New tax regime could not break the magic of small savings scheme, PPF, NSC, Sukanya still have full strength
Uma Shankar January 24, 2026 12:23 PM

There has been no change in the interest rates of Small Savings Scheme for almost two years i.e. 8 quarters. The new tax regime has filled the remaining gap. In which no provision was made for any kind of relief on tax on investing in small saving schemes. Everyone felt that these schemes would now be marginalized. After which they will be eliminated.

This did not happen even though the government has abolished the exemption on these schemes, but how will the habit of investing or saving of common people be abolished? Despite all these things, the middle class of the country continued to have faith in the schemes like Small Savings Scheme i.e. PPF, NSC and Sukanya and they invested more than Rs 2 lakh crore. Let us also tell you what kind of report has come out.

More than Rs 2 lakh crore investment

The ET report quoted people familiar with the matter as saying that till January 10, a collection of Rs 2.17 lakh crore was made under the National Small Savings Fund, which is about two-thirds of the Budget Estimate (BE) for the current financial year. Since a large portion of such deposits usually come in the March quarter due to the year-end rush for tax saving schemes, officials expect the total collection for 2025-26 to exceed the primary target.
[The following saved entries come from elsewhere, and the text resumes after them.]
(* Let $I\subset\mathbb R$ be a compact interval containing $0$ in its interior and consider the planar slow-fast system $$\dot x=\epsilon f(x,y,\epsilon),\qquad \dot y=y\,h(x,y,\epsilon),$$ with $f,h$ $C^\infty$-smooth, $\epsilon\ge 0$ small. Assume $x\,h(x,0,0)<0$ for all $x\in I\setminus\{0\}$ and $\frac{\partial h}{\partial x}(0,0,0)<0$. Then there exists a smooth $\epsilon$-family of coordinate changes which, in a neighbourhood of $I\times\{0\}\subset\mathbb R^2$ and up to multiplication of the vector field by a smooth positive function, brings the system into the form $$\dot x=\epsilon f_0(x,\epsilon)+y\,g_0(x,y,\epsilon),\qquad \dot y=-xy,$$ for some smooth functions $f_0,g_0$ with $g_0(0,0,0)=0$.
   Context: All functions are $C^\infty$. ''Smooth $\epsilon$-family of coordinate changes'' means a diffeomorphism in $(x,y)$ depending smoothly on the parameter $\epsilon$ for $\epsilon\ge0$ small. *)

From Stdlib Require Import Reals.
From Coquelicot Require Import Coquelicot.
Open Scope R_scope.

(* Functions of (x, y, eps), curried. *)
Definition fun3 := R -> R -> R -> R.

Definition D1 (f : fun3) : fun3 := fun x y e => Derive (fun t => f t y e) x.
Definition D2 (f : fun3) : fun3 := fun x y e => Derive (fun t => f x t e) y.
Definition D3 (f : fun3) : fun3 := fun x y e => Derive (fun t => f x y t) e.

Definition continuous3 (f : fun3) : Prop :=
  forall x y e,
    continuous (fun p : R * R * R => f (fst (fst p)) (snd (fst p)) (snd p)) (x, y, e).

Definition has_partials3 (f : fun3) : Prop :=
  forall x y e,
    ex_derive (fun t => f t y e) x /\
    ex_derive (fun t => f x t e) y /\
    ex_derive (fun t => f x y t) e.

Fixpoint Cn3 (n : nat) (f : fun3) : Prop :=
  match n with
  | O => continuous3 f
  | S m => continuous3 f /\ has_partials3 f /\
           Cn3 m (D1 f) /\ Cn3 m (D2 f) /\ Cn3 m (D3 f)
  end.

Definition smooth3 (f : fun3) : Prop := forall n, Cn3 n f.

Definition open2 (U : R -> R -> Prop) : Prop :=
  forall x y, U x y -> exists d, 0 < d /\
    forall x' y', Rabs (x' - x) < d -> Rabs (y' - y) < d -> U x' y'.
(* Fix a leader policy $\pi$, let $\nu^\pi$ be its quantal response under the true model, let $\tilde\nu=\{\tilde\nu_h(\cdot\mid s)\in\Delta(\mathcal B)\}$ be any follower policy, and let $\tilde U_h:\mathcal S\times\mathcal A\times\mathcal B\to\mathbb R$, $\tilde W_h:\mathcal S\to\mathbb R$ ($h\in[H]$) be arbitrary functions with $\|\tilde U_h\|_\infty\le H$, and set $\tilde U_{H+1}=0$, $\tilde W_{H+1}=0$. Then $$\mathbb E_{s_1\sim\rho_0}\bigl[(T_1^{\pi,\tilde\nu}\tilde U_1)(s_1)\bigr]-J(\pi)\le\sum_{h=1}^H\mathbb E\bigl[(\tilde U_h-u_h)(s_h,a_h,b_h)-(T_{h+1}^{\pi,\tilde\nu}\tilde U_{h+1})(s_{h+1})\bigr]+\sum_{h=1}^H H\,\mathbb E\bigl[\|\tilde\nu_h(\cdot\mid s_h)-\nu_h^\pi(\cdot\mid s_h)\|_1\bigr],$$ and $$\mathbb E_{s_1\sim\rho_0}\bigl[\tilde W_1(s_1)\bigr]-J(\pi)\le\sum_{h=1}^H\mathbb E\bigl[(\tilde U_h-u_h)(s_h,a_h,b_h)-\tilde W_{h+1}(s_{h+1})\bigr]+\sum_{h=1}^H\mathbb E\bigl[\tilde W_h(s_h)-(T_h^{\pi,\tilde\nu}\tilde U_h)(s_h)\bigr]+\sum_{h=1}^H H\,\mathbb E\bigl[\|\tilde\nu_h(\cdot\mid s_h)-\nu_h^\pi(\cdot\mid s_h)\|_1\bigr],$$ where $\mathbb E$ is over a trajectory generated by $(\pi,\nu^\pi)$ on the true model.
   Context: Episodic leader–follower Markov game (true model): state space $\mathcal S$, action sets $\mathcal A$ (leader), $\mathcal B$ (follower), horizon $H$, initial distribution $\rho_0$, transitions $P_h(\cdot\mid s,a,b)$, leader rewards $u_h\in[0,1]$, follower rewards $r_h\in[0,1]$. Leader policy: $\pi_h(\cdot\mid s,b)\in\Delta(\mathcal A)$; follower policy $\nu_h(\cdot\mid s)\in\Delta(\mathcal B)$; at step $h$, $b_h\sim\nu_h(\cdot\mid s_h)$, $a_h\sim\pi_h(\cdot\mid s_h,b_h)$, $s_{h+1}\sim P_h(\cdot\mid s_h,a_h,b_h)$. With $\eta>0,\gamma\in[0,1]$, the quantal response $\nu^\pi$ is defined by backward recursion: $V_{H+1}^\pi=0$, $Q_h^\pi(s,b)=\sum_a\pi_h(a\mid s,b)\bigl(r_h(s,a,b)+\gamma\mathbb E_{s'\sim P_h(\cdot\mid s,a,b)}V_{h+1}^\pi(s')\bigr)$, $V_h^\pi(s)=\eta^{-1}\log\sum_b e^{\eta Q_h^\pi(s,b)}$, $\nu_h^\pi(b\mid s)=\exp(\eta(Q_h^\pi(s,b)-V_h^\pi(s)))$. Leader values: $W_{H+1}^\pi=0$, $U_h^\pi=u_h+P_hW_{h+1}^\pi$, $W_h^\pi=T_h^{\pi,\nu^\pi}U_h^\pi$, $J(\pi)=\mathbb E_{s_1\sim\rho_0}W_1^\pi(s_1)$, where for a follower policy $\nu$ the operator is $(T_h^{\pi,\nu}f)(s)=\sum_{a,b}f(s,a,b)\pi_h(a\mid s,b)\nu_h(b\mid s)$ (and $T_{H+1}^{\pi,\nu}\tilde U_{H+1}=0$). *)

From HB Require Import structures.
From mathcomp Require Import all_boot all_order all_algebra.
From mathcomp Require Import all_classical all_reals all_analysis.
Set Implicit Arguments. Unset Strict Implicit. Unset Printing Implicit Defensive.
Import Order.TTheory GRing.Theory Num.Theory.
Local Open Scope ring_scope.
Estimates were reduced in the budget

The over-budget investment in small savings schemes, including the Public Provident Fund and Sukanya Samriddhi Yojana, has provided additional relief to the central government and reduced its need to borrow from the market. The Center has budgeted Rs 3.43 lakh crore for 2025-26 from NSSF to meet a part of the fiscal deficit, which is less than Rs 4.12 lakh crore (revised estimate) for FY 2025. It aims to limit its fiscal deficit to Rs 15.69 lakh crore or 4.4 per cent of GDP in 2025-26, which was 4.8 per cent a year ago.

No relief in new tax regime

The reduction in NSSF (National Savings Fund) prescribed in the budget has been made keeping in mind the possibility of a large number of taxpayers switching to the new tax regime. This system was made more attractive by increasing the tax relief in the last budget. In the new system, tax incentives are given on small savings schemes, whereas under the old system, tax deduction is applicable on deposits up to Rs 1.5 lakh per year under Section 80C of the Income Tax Act.

75 percent in NTR

Officials said that despite about 75 percent of taxpayers shifting to the new tax regime, a good amount of deposits are coming in small savings schemes. This is because the new interest rates are more attractive than some other similar investment options. The government has reduced its 2025-26 target of gross market lending through debt securities to Rs 14.72 lakh crore from Rs 14.82 lakh crore set in the budget.

No change in interest rates for two years

Till March, the interest rates of a dozen small savings schemes have been kept unchanged for the eighth consecutive quarter. This is when the central bank has cut the benchmark lending rate by 125 basis points in the last one year, putting pressure on bank deposit rates. Changes in interest rates on small savings schemes are generally determined keeping in mind the expected returns on government securities of similar tenure, which have started declining in recent quarters.

What are the current rates?

Interest rates on deposits in PPF and Sukanya Samriddhi accounts are 7.1% and 8.2% respectively in the current quarter. Senior Citizens Saving Scheme (8.2%) National Saving Scheme (7.7%), Kisan Vikas Patra (7.5% on maturity in 115 months), Savings Account (4%), One Year FD (6.9%), Two Year FD (7%), Three Year FD (7.1%), Five Year FD (7.5%), Five Year RD (6.7%) and Monthly Income Saving Scheme (7.4%) The rates also remain unchanged.